- Born: 21 September 1897 Rome, Italy
- Died: 26 November 1966 (aged 69)
- Education: Sherborne School University of Birmingham
- Occupation: Journalist
- Years active: 1920s–1963
- Employer: The New York Times
- Known for: Foreign correspondence; Pulitzer Prize–winning reporting

= Arnaldo Cortesi =

American journalist and foreign correspondent

Arnaldo Cortesi (21 September 1897 – 26 November 1966) was an American journalist and foreign correspondent for The New York Times. He won the 1946 Pulitzer Prize for Correspondence for his reporting from Buenos Aires during 1945, which the Pulitzer Board cited as distinguished foreign correspondence.

== Early life and education ==
Arnaldo Cortesi was born in Rome in 1897. He was educated in England and attended Sherborne School. He later studied engineering at the University of Birmingham and, after graduating, worked briefly for the British Westinghouse Electrical and Manufacturing Company at Trafford Park in Manchester.

== Career ==
=== Entry into journalism ===
Cortesi subsequently entered journalism and joined The New York Times, beginning a career that would span more than four decades. He served as a foreign correspondent in several countries, primarily in Europe and Latin America.

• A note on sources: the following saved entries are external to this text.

Lemma marg_join_l t : marg add W X t = R t.
Proof.
have [tR|tR] := boolP (t \in krel_supp R); last first.
  rewrite krel_eq0 // /marg big1_seq // => r /andP[/eqP rX _].
  apply: contrapT => /join_supp[w [u [v [w_nz uU vV rE]]]]; move: tR.
  by rewrite -rX rE (restrict_block w_nz uU vV).1 (mem_blockl w_nz uU).1.
set w := t.[& Z]; have w_nz : marg add R Z w <> zero := marg_neq0 tR.
have [us_uniq vs_uniq usE _ _] := blocks w_nz.
have tU : t \in us w by rewrite usE mem_filter eqxx.
have -> : marg add W X t = \big[add/zero]_(v <- vs w) W (t + v).
  rewrite /marg -big_filter -(big_map (fun v => t + v) xpredT); apply: big_nz_eq.
  - exact/filter_uniq/fset_uniq.
  - rewrite map_inj_in_uniq // => v1 v2 v1V v2V /(congr1 (fun r : {fmap A -> V} => r.[& Y])).
    by rewrite (restrict_block w_nz tU v1V).2 (restrict_block w_nz tU v2V).2.
  move=> r /[dup] Wr /join_supp[w' [u [v [w'_nz uU vV rE]]]]; subst r.
  rewrite mem_filter ((krel_suppP W _).2 Wr) andbT (restrict_block w'_nz uU vV).1.
  apply/eqP/mapP => [ut|[v' v'V uvE]].
    subst u; have [_ w'E] := mem_blockl w'_nz uU.
    by exists v; rewrite // /w w'E.
  by rewrite -(restrict_block w'_nz uU vV).1 uvE (restrict_block w_nz tU v'V).1.
have [rows _] := block_plan w_nz.
rewrite -[in RHS](nth_index [fmap] tU) -(nth_map _ zero) ?index_mem //.
rewrite -rows ?size_map ?index_mem // (big_nth [fmap]); apply: eq_big_nat => j /andP[_ jv].
by rewrite (join_block w_nz tU (mem_nth _ jv)) index_uniq.
Qed.

Lemma marg_join_r t : marg add W Y t = S t.
Proof.
have [tS|tS] := boolP (t \in krel_supp S); last first.
  rewrite krel_eq0 // /marg big1_seq // => r /andP[/eqP rY _].
  apply: contrapT => /join_supp[w [u [v [w_nz uU vV rE]]]]; move: tS.
  by rewrite -rY rE (restrict_block w_nz uU vV).2 (mem_blockr w_nz vV).1.
set w := t.[& Z]; have w_nz : marg add R Z w <> zero by rewrite RS; apply: marg_neq0.
have [us_uniq vs_uniq _ vsE _] := blocks w_nz.
have tV : t \in vs w by rewrite vsE mem_filter eqxx.
have -> : marg add W Y t = \big[add/zero]_(u <- us w) W (u + t).
  rewrite /marg -big_filter -(big_map (fun u => u + t) xpredT); apply: big_nz_eq.
  - exact/filter_uniq/fset_uniq.
  - rewrite map_inj_in_uniq // => u1 u2 u1U u2U.
    move=> /(congr1 (fun r : {fmap A -> V} => r.[& X])).
    by rewrite (restrict_block w_nz u1U tV).1 (restrict_block w_nz u2U tV).1.
  move=> r /[dup] Wr /join_supp[w' [u [v [w'_nz uU vV rE]]]]; subst r.
  rewrite mem_filter ((krel_suppP W _).2 Wr) andbT (restrict_block w'_nz uU vV).2.
  apply/eqP/mapP => [vt|[u' u'U uvE]].
    subst v; have [_ w'E] := mem_blockr w'_nz vV.
    by exists u; rewrite // /w w'E.
  by rewrite -(restrict_block w'_nz uU vV).2 uvE (restrict_block w_nz u'U tV).2.
have [_ cols] := block_plan w_nz.
rewrite -[in RHS](nth_index [fmap] tV) -(nth_map _ zero) ?index_mem //.
rewrite -cols ?size_map ?index_mem // (big_nth [fmap]); apply: eq_big_nat => i /andP[_ iu].
by rewrite (join_block w_nz (mem_nth _ iu) tV) index_uniq.
Qed.

End JoinMarginals.

Lemma nw_join_margins (R : krel zero V X) (S : krel zero V Y) (W : krel zero V (X `|` Y)) :
  (forall w, marg add R Z w = marg add S Z w) -> nw_join add R S W ->
  (forall t, marg add W X t = R t) /\ (forall t, marg add W Y t = S t).
Proof.
move=> RS [us [vs [xs [blocks [W_blocks W_out]]]]].
by split=> t; [apply: (marg_join_l RS blocks) | apply: (marg_join_r RS blocks)].
Qed.

End KRelations.

End NorthwestCorner.

Local Open Scope fset_scope.
Local Open Scope fmap_scope.

Theorem proposition24 (K : Type) (add : K -> K -> K) (zero : K)
    (HK : comm_monoid add zero) (Hpos : positive_monoid add zero)
    (Hwc : weakly_cancellative add zero)
    (Htot : totally_canon_preordered add)
    (A V : choiceType) (X Y : {fset A})
    (R : krel zero V X) (S : krel zero V Y) :
  (forall w, marg add R (X `&` Y) w = marg add S (X `&` Y) w) ->
  (* the northwest corner procedure can be carried out: *)
  (forall w, marg add R (X `&` Y) w <> zero ->
     forall us vs : seq {fmap A -> V},
       uniq us -> uniq vs ->
       us =i [seq u <- krel_supp R | u.[& X `&` Y] == w] ->
       vs =i [seq v <- krel_supp S | v.[& X `&` Y] == w] ->
       exists x, nwc add zero [seq R u | u <- us] [seq S v | v <- vs] x)
  /\ (exists W : krel zero V (X `|` Y), nw_join add R S W)
  (* every northwest corner join W satisfies W[X] = R and W[Y] = S: *)
  /\ (forall W : krel zero V (X `|` Y), nw_join add R S W ->
        (forall t, marg add W X t = R t) /\ (forall t, marg add W Y t = S t)).
Proof.
move=> RS; split; [|split].
- by move=> w _; apply: (nwc_blocks_exist HK Hpos Hwc Htot RS).
- exact: (nw_join_exists HK Hpos Hwc Htot RS).
- by move=> W; apply: (nw_join_margins HK Hpos Hwc RS).
Qed.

=== Rome and Fascist Italy ===
During the 1920s and 1930s, Cortesi was based in Rome as a correspondent for The New York Times. His reporting covered Italian political life during the rise and consolidation of Benito Mussolini’s Fascist regime. Contemporary accounts describe the working conditions of American correspondents in Fascist Italy as constrained by state censorship, requiring caution in reporting sensitive political developments.

In the late 1930s, following Italian government restrictions on the employment of Italian nationals by foreign newspapers, Cortesi left Rome and was reassigned to other foreign postings.

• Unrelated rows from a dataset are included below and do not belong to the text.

Lemma convex_comb_in_min_max a b t : 0 <= t <= 1 ->
  Num.min a b <= b + t * (a - b) <= Num.max a b.
Proof. by rewrite minEle maxEle => /andP[t0 t1]; case: (leP a b) => ab; nra. Qed.

Lemma convex_coord_in01 a b x : a != b -> Num.min a b <= x <= Num.max a b ->
  0 <= (x - b) / (a - b) <= 1.
Proof.
move=> ab; rewrite minEle maxEle.
have [a_le_b|b_lt_a] := leP a b => /andP[lo hi].
  have ltab : a < b by rewrite lt_neqAle ab.
  rewrite -mulrNN -invrN !opprB.
  by rewrite divr_ge0 ?ler_pdivrMr ?mul1r ?subr_gt0 /=; lra.
by rewrite divr_ge0 ?ler_pdivrMr ?mul1r ?subr_gt0 /=; lra.
Qed.

Lemma convex_comb_eq_max (V x y t : R) : 0 <= t <= 1 -> x <= V -> y <= V ->
  V <= t * x + (1 - t) * y -> V = x \/ V = y.
Proof.
move=> /andP[t0 t1] xV yV Vle.
have [->|Vx] := eqVneq V x; first by left.
have [->|Vy] := eqVneq V y; first by right.
have {Vx}xV : x < V by rewrite lt_neqAle eq_sym Vx.
have {Vy}yV : y < V by rewrite lt_neqAle eq_sym Vy.
have ty : 0 <= (1 - t) * (V - y) by rewrite mulr_ge0 ?subr_ge0 // ltW.
have [t_eq0|t_gt0] := eqVneq t 0; first by move: Vle; rewrite t_eq0; lra.
have tx : 0 < t * (V - x) by rewrite mulr_gt0 ?subr_gt0 // lt_neqAle eq_sym t_gt0.
by exfalso; lra.
Qed.
End Interval.

Section Segment.
Variables (R : realFieldType) (ki kj mi mj ni nj : R).

Definition seg_obj (t : R) : R :=
  t * ki + (1 - t) * kj - (t * mi + (1 - t) * mj) * (t * ni + (1 - t) * nj).

Definition seg_argmax : R :=
  2^-1 - (kj - mj * nj - ki + mi * ni) / (2 * (mj - mi) * (nj - ni)).

Definition seg_xmax : R :=
  (kj - mj * nj - ki + mi * ni) / (2 * (mj - mi)) + (ni + nj) / 2.

(* The paper's q_ij: seg_obj in the coordinate x = t ni + (1 - t) nj (seg_qE). *)
Definition seg_q (x : R) : R :=
  (nj - ni)^-1 * ((x - ni) * (x - nj) * (mi - mj)
                  + (x - ni) * (kj - ki - mj * nj + mi * ni)) + ki - mi * ni.

Lemma seg_objE t : seg_obj t =
  t * (ki - mi * ni) + (1 - t) * (kj - mj * nj) + (mi - mj) * (ni - nj) * (t * (1 - t)).
Proof. rewrite /seg_obj; ring. Qed.

Lemma seg_obj0 : seg_obj 0 = kj - mj * nj.
Proof. by rewrite /seg_obj; ring. Qed.

Lemma seg_obj1 : seg_obj 1 = ki - mi * ni.
Proof. by rewrite /seg_obj; ring. Qed.

Lemma seg_obj_le_chord t : (mi - mj) * (ni - nj) <= 0 -> 0 <= t <= 1 ->
  seg_obj t <= t * (ki - mi * ni) + (1 - t) * (kj - mj * nj).
Proof.
move=> c_le0 /andP[t0 t1]; rewrite seg_objE gerDl.
by rewrite mulr_le0_ge0 // mulr_ge0 ?subr_ge0.
Qed.

Section Nondegenerate.
Hypotheses (mij : mi != mj) (nij : ni != nj).

Let mji : mj - mi != 0. Proof. by rewrite subr_eq0 eq_sym. Qed.
Let nji : nj - ni != 0. Proof. by rewrite subr_eq0 eq_sym. Qed.
Let nij' : ni - nj != 0. Proof. by rewrite subr_eq0. Qed.

Lemma seg_obj_sqr t :
  seg_obj t = seg_obj seg_argmax - (mi - mj) * (ni - nj) * (t - seg_argmax) ^+ 2.
Proof. by rewrite /seg_obj /seg_argmax; field; rewrite mji nji. Qed.

Lemma seg_qE x : seg_q x = seg_obj ((x - nj) / (ni - nj)).
Proof. by rewrite /seg_q /seg_obj; field; rewrite nji nij'. Qed.

Lemma seg_q_sqr x :
  seg_q x = seg_obj seg_argmax - (mi - mj) / (ni - nj) * (x - seg_xmax) ^+ 2.
Proof.
by rewrite seg_qE seg_obj_sqr /seg_argmax /seg_xmax; field; rewrite mji nji nij'.
Qed.

Lemma seg_obj_le_closer s t : 0 <= (mi - mj) * (ni - nj) ->
  (s - seg_argmax) ^+ 2 <= (t - seg_argmax) ^+ 2 -> seg_obj t <= seg_obj s.
Proof.
move=> c_ge0 st; rewrite [seg_obj t]seg_obj_sqr [seg_obj s]seg_obj_sqr.
by rewrite lerD2l lerN2 ler_wpM2l.
Qed.

Lemma seg_obj_le_argmax t : 0 <= (mi - mj) * (ni - nj) ->
  seg_obj t <= seg_obj seg_argmax.
Proof. by move=> c_ge0; rewrite seg_obj_le_closer // subrr expr0n sqr_ge0. Qed.

End Nondegenerate.

Lemma seg_curv_neq0 : 0 < (mi - mj) * (ni - nj) -> mi != mj /\ ni != nj.
Proof. by move=> /lt0r_neq0; rewrite mulf_eq0 negb_or !subr_eq0 => /andP. Qed.

Lemma seg_argmax_in01 t : 0 < (mi - mj) * (ni - nj) -> 0 <= t <= 1 ->
  seg_obj 0 < seg_obj t -> seg_obj 1 < seg_obj t -> 0 <= seg_argmax <= 1.
Proof.
move=> c_gt0 /andP[t0 t1] lt0 lt1; have [mij nij] := seg_curv_neq0 c_gt0.
have closer := seg_obj_le_closer mij nij (ltW c_gt0).
apply/andP; split; rewrite leNgt; apply/negP => out.
  suff : seg_obj t <= seg_obj 0 by rewrite leNgt lt0.
  by apply: closer; rewrite ler_sqr ?nnegrE /=; lra.
suff : seg_obj t <= seg_obj 1 by rewrite leNgt lt1.
by apply: closer; rewrite -sqrrN -[(t - _) ^+ 2]sqrrN ler_sqr ?nnegrE /=; lra.
Qed.

Definition seg_qmax : R := seg_q (clamp (Num.min ni nj) (Num.max ni nj) seg_xmax).

Lemma seg_obj_le_qmax t : 0 < (mi - mj) * (ni - nj) -> 0 <= t <= 1 ->
  seg_obj t <= seg_qmax.
Proof.
move=> c_gt0 t01; have [mij nij] := seg_curv_neq0 c_gt0.
have nij' : ni - nj != 0 by rewrite subr_eq0.
have -> : seg_obj t = seg_q (nj + t * (ni - nj)).
  by rewrite seg_qE //; congr seg_obj; field.
rewrite /seg_qmax !seg_q_sqr // lerD2l lerN2 ler_wpM2l //.
  have -> : (mi - mj) / (ni - nj) = (mi - mj) * (ni - nj) / (ni - nj) ^+ 2 by field.
  by rewrite divr_ge0 ?sqr_ge0 ?ltW.
by apply: sqr_clamp_sub_le; apply: convex_comb_in_min_max.
Qed.

Lemma seg_qmax_on_segment : ni != nj -> exists2 t, 0 <= t <= 1 & seg_qmax = seg_obj t.
Proof.
move=> nij; exists ((clamp (Num.min ni nj) (Num.max ni nj) seg_xmax - nj) / (ni - nj)).
  exact/convex_coord_in01/clamp_in/min_le_max.
exact: seg_qE.
Qed.

End Segment.

Section FiniteSums.
Variables (V : nmodType) (I : finType) (F : I -> V).

Lemma sumr_supp1 i : (forall k, k != i -> F k = 0) -> \sum_k F k = F i.
Proof. by move=> F0; rewrite (bigD1 i) //= big1 ?addr0. Qed.

Lemma sumr_supp2 i j : i != j -> (forall k, k != i -> k != j -> F k = 0) ->
  \sum_k F k = F i + F j.
Proof.
move=> ij F0; rewrite (bigD1 i) //= (bigD1 j) 1?eq_sym //= addrA big1 ?addr0 //.
by move=> k /andP[]; apply: F0.
Qed.

Lemma sumr_supp3 a b c : b != a -> c != a -> c != b ->
  (forall k, k != a -> k != b -> k != c -> F k = 0) ->
  \sum_k F k = F a + F b + F c.
Proof.
move=> ba ca cb F0; rewrite (bigD1 a) //= (bigD1 b) //= (bigD1 c) /= ?ca ?cb //.
by rewrite !addrA big1 ?addr0 // => k /andP[/andP[]]; apply: F0.
Qed.

End FiniteSums.

Lemma card_le2_cover (T : finType) (A : {set T}) x : x \in A -> (#|A| <= 2)%N ->
  exists j, forall k, k != x -> k != j -> k \notin A.
Proof.
move=> xA A_le2; case: (pickP [pred k in A | k != x]) => [j /andP[jA jx]|none].
  exists j => k kx kj; apply/negP => kA; move: A_le2; rewrite leqNgt => /negP; apply.
  by apply/card_gt2P; exists x, j, k; split; split; rewrite // eq_sym.
by exists x => k kx _; apply/negP => kA; have := none k; rewrite /= kA kx.
Qed.

Section Simplex.
Variables (R : realType) (K : nat) (mu nu kappa : 'I_K -> R).
Implicit Types (lam d : 'I_K -> R) (i j : 'I_K).

Local Notation f := (objective kappa mu nu).
Local Notation F i j := (seg_obj (kappa i) (kappa j) (mu i) (mu j) (nu i) (nu j)).

Definition supp lam : {set 'I_K} := [set k | lam k != 0].

Definition pair_vec i j (t : R) : 'I_K -> R :=
  fun k => if k == i then t else if k == j then 1 - t else 0.

Lemma dotv_shiftl lam d a s :
  dotv (fun k => lam k + s * d k) a = dotv lam a + s * dotv d a.
Proof. by rewrite /dotv mulr_sumr -big_split; apply: eq_bigr => k _ /=; ring. Qed.

Lemma dotv_shiftr lam d a s :
  dotv a (fun k => lam k + s * d k) = dotv a lam + s * dotv a d.
Proof. by rewrite /dotv mulr_sumr -big_split; apply: eq_bigr => k _ /=; ring. Qed.

Lemma dotvNl d a : dotv (fun k => - d k) a = - dotv d a.
Proof. by rewrite /dotv -sumrN; apply: eq_bigr => k _; rewrite mulNr. Qed.

Lemma dotvNr d a : dotv a (fun k => - d k) = - dotv a d.
Proof. by rewrite /dotv -sumrN; apply: eq_bigr => k _; rewrite mulrN. Qed.

Lemma objective_shift lam d s : dotv d mu = 0 ->
  f (fun k => lam k + s * d k) = f lam + s * (dotv d kappa - dotv lam mu * dotv nu d).
Proof. by move=> dmu0; rewrite /objective !(dotv_shiftl, dotv_shiftr) dmu0; ring. Qed.

Lemma objective_single lam i : in_simplex lam -> (forall k, k != i -> lam k = 0) ->
  f lam = vertex_val kappa mu nu i.
Proof.
move=> [sum1 _] lam0; have lam_i : lam i = 1 by rewrite -sum1 (sumr_supp1 lam0).
have dotl a : dotv lam a = a i.
  by rewrite /dotv (sumr_supp1 (i := i)) ?lam_i ?mul1r // => k /lam0->; rewrite mul0r.
have dotr a : dotv a lam = a i.
  by rewrite /dotv (sumr_supp1 (i := i)) ?lam_i ?mulr1 // => k /lam0->; rewrite mulr0.
by rewrite /objective !dotl dotr.
Qed.

Lemma objective_pair lam i j : i != j -> (forall k, k != i -> k != j -> lam k = 0) ->
  lam j = 1 - lam i -> f lam = F i j (lam i).
Proof.
move=> ij lam0 lam_j.
have dotl a : dotv lam a = lam i * a i + lam j * a j.
  by rewrite /dotv (sumr_supp2 ij) // => k ki kj; rewrite lam0 ?mul0r.
have dotr a : dotv a lam = a i * lam i + a j * lam j.
  by rewrite /dotv (sumr_supp2 ij) // => k ki kj; rewrite lam0 ?mulr0.
by rewrite /objective !dotl dotr lam_j /seg_obj; ring.
Qed.

Lemma unit_vec_simplex i : in_simplex (unit_vec R i).
Proof.
split=> [|k]; last by rewrite /unit_vec; case: eqP.
by rewrite (sumr_supp1 (i := i)) /unit_vec ?eqxx // => k /negPf->.
Qed.

Lemma objective_unit_vec i : f (unit_vec R i) = vertex_val kappa mu nu i.
Proof.
by apply: objective_single (unit_vec_simplex i) _ => k /negPf ki; rewrite /unit_vec ki.
Qed.

Lemma pair_vecE i j t : i != j ->
  [/\ pair_vec i j t i = t, pair_vec i j t j = 1 - t &
      forall k, k != i -> k != j -> pair_vec i j t k = 0].
Proof.
move=> ij; have ji : j != i by rewrite eq_sym.
by rewrite /pair_vec eqxx (negPf ji) eqxx; split=> // k /negPf-> /negPf->.
Qed.

Lemma pair_vec_simplex i j t : i != j -> 0 <= t <= 1 -> in_simplex (pair_vec i j t).
Proof.
move=> ij /andP[t0 t1]; have [vi vj v0] := pair_vecE t ij; split=> [|k].
  by rewrite (sumr_supp2 ij v0) vi vj addrC subrK.
by rewrite /pair_vec; case: eqP => // _; case: eqP => // _; rewrite subr_ge0.
Qed.

Lemma objective_pair_vec i j t : i != j -> f (pair_vec i j t) = F i j t.
Proof.
by move=> ij; have [vi vj v0] := pair_vecE t ij; rewrite (objective_pair ij v0) vi.
Qed.

Lemma edge_vecE i j : edge_vec kappa mu nu i j =
  pair_vec i j (seg_argmax (kappa i) (kappa j) (mu i) (mu j) (nu i) (nu j)).
Proof. by []. Qed.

=== Buenos Aires and Pulitzer Prize ===
During the Second World War, Cortesi was posted to Buenos Aires, where he reported on Argentine politics and foreign relations in 1945, a period marked by the rise of Juan Perón. His reporting from Argentina formed the basis of his receipt of the Pulitzer Prize the following year.

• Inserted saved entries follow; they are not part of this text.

Lemma four_adic_unique (k1 k2 i1 i2 : Z) (e1 e2 : nat) : (1 <= i1 <= 3)%Z -> (1 <= i2 <= 3)%Z ->
  ((4 * k1 + i1) * 4 ^ Z.of_nat e1 = (4 * k2 + i2) * 4 ^ Z.of_nat e2)%Z ->
  e1 = e2 /\ k1 = k2 /\ i1 = i2.
Proof.
  assert (key : forall k1 k2 i1 i2 (e f : nat), (1 <= i1 <= 3)%Z -> (1 <= i2 <= 3)%Z ->
            ((4 * k1 + i1) * 4 ^ Z.of_nat e = (4 * k2 + i2) * 4 ^ Z.of_nat (e + f))%Z ->
            f = 0%nat /\ k1 = k2 /\ i1 = i2).
  { intros a1 a2 b1 b2 e f h1 h2 h. rewrite Nat2Z.inj_add, Z.pow_add_r in h by lia.
    assert (hp : (4 ^ Z.of_nat e > 0)%Z) by (apply Z.lt_gt, Z.pow_pos_nonneg; lia).
    assert (h' : (4 * a1 + b1 = (4 * a2 + b2) * 4 ^ Z.of_nat f)%Z)
      by (apply Z.mul_reg_r with (4 ^ Z.of_nat e)%Z; [lia | rewrite h; ring]).
    destruct f as [|f]; [rewrite Z.pow_0_r, Z.mul_1_r in h'; lia|].
    rewrite Nat2Z.inj_succ, Z.pow_succ_r in h' by lia.
    set (X := ((4 * a2 + b2) * 4 ^ Z.of_nat f)%Z) in *.
    assert (4 * a1 + b1 = 4 * X)%Z by (unfold X in *; lia). lia. }
  intros h1 h2 h. destruct (Nat.le_ge_cases e1 e2).
  - replace e2 with (e1 + (e2 - e1))%nat in h by lia.
    destruct (key _ _ _ _ _ _ h1 h2 h) as (? & ? & ?). lia.
  - replace e1 with (e2 + (e1 - e2))%nat in h by lia. symmetry in h.
    destruct (key _ _ _ _ _ _ h2 h1 h) as (? & ? & ?). lia.
Qed.

Lemma coarse_column_scaled n0 i k (i' : nat) : (i < n0)%Z ->
  (IZR k + INR i' / 4) * wid i = IZR ((4 * k + Z.of_nat i') * 4 ^ (n0 - i - 1)) * wid n0.
Proof.
  intro h. rewrite (wid_pow i n0) by lia.
  replace (4 ^ (n0 - i))%Z with (4 * 4 ^ (n0 - i - 1))%Z
    by (rewrite <- Z.pow_succ_r by lia; f_equal; lia).
  rewrite !mult_IZR, plus_IZR, mult_IZR, INR_IZR_INZ. field.
Qed.

(* In units of [m^-n0], the abscissa [(k + i'/4) m^-i] of a line glued at a level
   [i < n0] is the integer [(4k + i') 4^(n0-i-1)], which determines [i], [k] and [i']
   by uniqueness of 4-adic expansions. *)
Lemma coarse_columns_eq n0 i1 i2 k1 k2 (j1 j2 : nat) :
  (i1 < n0)%Z -> (i2 < n0)%Z -> (1 <= j1 <= 3)%nat -> (1 <= j2 <= 3)%nat ->
  Rabs ((IZR k2 + INR j2 / 4) * wid i2 - (IZR k1 + INR j1 / 4) * wid i1) < wid n0 ->
  i1 = i2 /\ k1 = k2 /\ j1 = j2.
Proof.
  intros hi1 hi2 hj1 hj2 h.
  rewrite !(coarse_column_scaled n0) in h by auto.
  rewrite <- Rmult_minus_distr_r, <- minus_IZR, Rabs_mult in h.
  pose proof (wid_pos n0). rewrite (Rabs_right (wid n0)) in h by lra.
  assert (hz : Rabs (IZR ((4 * k2 + Z.of_nat j2) * 4 ^ (n0 - i2 - 1)
                          - (4 * k1 + Z.of_nat j1) * 4 ^ (n0 - i1 - 1))) < 1)
    by (apply Rmult_lt_reg_r with (wid n0); lra).
  rewrite <- abs_IZR in hz. apply lt_IZR in hz.
  assert (hzz : ((4 * k1 + Z.of_nat j1) * 4 ^ Z.of_nat (Z.to_nat (n0 - i1 - 1))
               = (4 * k2 + Z.of_nat j2) * 4 ^ Z.of_nat (Z.to_nat (n0 - i2 - 1)))%Z)
    by (rewrite !Z2Nat.id by lia; lia).
  apply four_adic_unique in hzz; lia.
Qed.

Lemma index_diff_le (a a' x x' w : R) : 0 < w ->
  a * w <= x <= (a + 1) * w -> a' * w <= x' <= (a' + 1) * w ->
  Rabs (a' - a) <= Rabs (x' - x) / w + 1.
Proof.
  intros hw [h1 h2] [h3 h4]. apply Rmult_le_reg_r with w; auto.
  replace ((Rabs (x' - x) / w + 1) * w) with (Rabs (x' - x) + w) by (field; lra).
  pose proof (Rle_abs (x' - x)). pose proof (Rle_abs (- (x' - x))). rewrite Rabs_Ropp in *.
  unfold Rabs at 1. destruct (Rcase_abs (a' - a)); nra.
Qed.

Section Construction.

Variable L : nat.

Definition hgt (i : Z) : R := powerRZ (mv L) (- i).

Definition mvZ : Z := 3 * Z.of_nat L.

Lemma IZR_mvZ : IZR mvZ = mv L.
Proof. unfold mvZ, mv. rewrite mult_IZR, <- INR_IZR_INZ. reflexivity. Qed.

Definition glued (i : Z) (a b : pt) : Prop :=
  exists p0 k l (i' : nat), in_a L k l i' p0 /\
    ((a = Phi_pow L i p0 /\ b = Phi_pow L i (fst p0, snd p0 + / mv L)) \/
     (b = Phi_pow L i p0 /\ a = Phi_pow L i (fst p0, snd p0 + / mv L))).

(* A step of level [i] stays inside one 2-cell of [Y_i] when [is_cell], at cost [m^-i]
   (the diameter bound imposed on admissible pseudodistances); otherwise it is a free
   identification of [Phi^i_* R]. *)
Record step := Step { lev : Z; is_cell : bool; src : pt; tgt : pt }.

Definition step_ok (s : step) : Prop :=
  if is_cell s then exists c, cell2 L (lev s) c (src s) /\ cell2 L (lev s) c (tgt s)
  else glued (lev s) (src s) (tgt s).

Inductive chain : pt -> list step -> pt -> Prop :=
| chain_nil p : chain p nil p
| chain_cons p s l q : src s = p -> step_ok s -> chain (tgt s) l q -> chain p (s :: l) q.

Fixpoint cost (l : list step) : R :=
  match l with
  | nil => 0
  | s :: r => (if is_cell s then wid (lev s) else 0) + cost r
  end.

Lemma cost_app l1 l2 : cost (l1 ++ l2) = cost l1 + cost l2.
Proof. induction l1; simpl; [|rewrite IHl1]; ring. Qed.

Lemma cost_nonneg l : 0 <= cost l.
Proof. induction l as [|s l IH]; simpl; [lra|].
destruct (is_cell s); pose proof (wid_pos (lev s)); lra. Qed.

Lemma cost_cons_ge r s : cost r <= cost (s :: r).
Proof. simpl. destruct (is_cell s); pose proof (wid_pos (lev s)); lra. Qed.

Lemma cost_ge_cell_step s l : In s l -> is_cell s = true -> wid (lev s) <= cost l.
Proof.
  induction l as [|a l IH]; simpl; [intros []|]. intros [-> | h] hc.
  - rewrite hc. pose proof (cost_nonneg l). lra.
  - pose proof (IH h hc). pose proof (cost_cons_ge l a). simpl in *. lra.
Qed.

Lemma chain_nil_inv p q : chain p nil q -> q = p.
Proof. now inversion 1. Qed.

Lemma chain_app p l1 r l2 q : chain p l1 r -> chain r l2 q -> chain p (l1 ++ l2) q.
Proof. induction 1; simpl; auto. intro. econstructor; eauto. Qed.

Lemma chain_app_inv p l1 l2 q : chain p (l1 ++ l2) q -> exists r, chain p l1 r /\ chain r l2 q.
Proof.
  revert p. induction l1 as [|s l1 IH]; simpl; intros p H.
  - exists p. split; [constructor | auto].
  - inversion H as [|? ? ? ? hsrc hok hrest]; subst.
    destruct (IH _ hrest) as (r & H1 & H2). exists r. split; [econstructor; eauto | auto].
Qed.

Lemma chain_steps_ok p l q : chain p l q -> Forall step_ok l.
Proof. induction 1; constructor; auto. Qed.

Definition rev_step (s : step) : step := Step (lev s) (is_cell s) (tgt s) (src s).

Lemma step_ok_rev s : step_ok s -> step_ok (rev_step s).
Proof.
  unfold step_ok, rev_step; simpl. destruct (is_cell s).
  - intros (c & h1 & h2); eauto.
  - intros (p0 & k & l & i' & h & [[e1 e2] | [e1 e2]]); exists p0, k, l, i'; auto.
Qed.

Lemma chain_rev p l q : chain p l q -> exists l', chain q l' p /\ cost l' = cost l.
Proof.
  induction 1 as [p|p s l q hsrc hok _ (l' & h1 & h2)].
  - exists nil. split; [constructor | auto].
  - exists (l' ++ rev_step s :: nil). split.
    + apply chain_app with (tgt s); auto.
      econstructor; [reflexivity | apply step_ok_rev; auto |]. subst p. constructor.
    + rewrite cost_app. simpl. rewrite h2. ring.
Qed.

Lemma cell2_x_close i c a b : cell2 L i c a -> cell2 L i c b -> Rabs (fst b - fst a) <= wid i.
Proof. unfold cell2, wid. rewrite plus_IZR. intros [[h1 h2] _] [[h3 h4] _]. apply Rabs_le. lra. Qed.

Lemma cell2_y_close i c a b : cell2 L i c a -> cell2 L i c b -> Rabs (snd b - snd a) <= hgt i.
Proof. unfold cell2, hgt. rewrite !plus_IZR. intros [_ [h1 h2]] [_ [h3 h4]]. apply Rabs_le. lra.
Qed.

Lemma glued_x i a b : glued i a b -> fst b = fst a.
Proof. now intros (p0 & k & l & i' & _ & [[-> ->] | [-> ->]]). Qed.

In 1946, Cortesi was awarded the Pulitzer Prize for Correspondence for distinguished foreign reporting, with the Pulitzer Board citing his Buenos Aires dispatches as exemplars of high-quality international journalism.

=== Post-war Italy and later career ===
After the war, Cortesi returned to Italy and served as The New York Times Rome bureau chief during the post-war reconstruction period. His reporting covered the fall of Fascism, the Allied occupation, and the early political development of the Italian Republic.

According to his obituary in The New York Times, Cortesi’s foreign assignments over the course of his career also included postings in Geneva and Mexico City. He retired from active reporting in 1963.

== Pulitzer Prize ==
Cortesi received the Pulitzer Prize for Correspondence in 1946 for his foreign reporting during 1945. The award recognised his coverage of political developments in Argentina during a critical period in the country’s modern history.

== Death ==
Arnaldo Cortesi died on 26 November 1966 at the age of 69.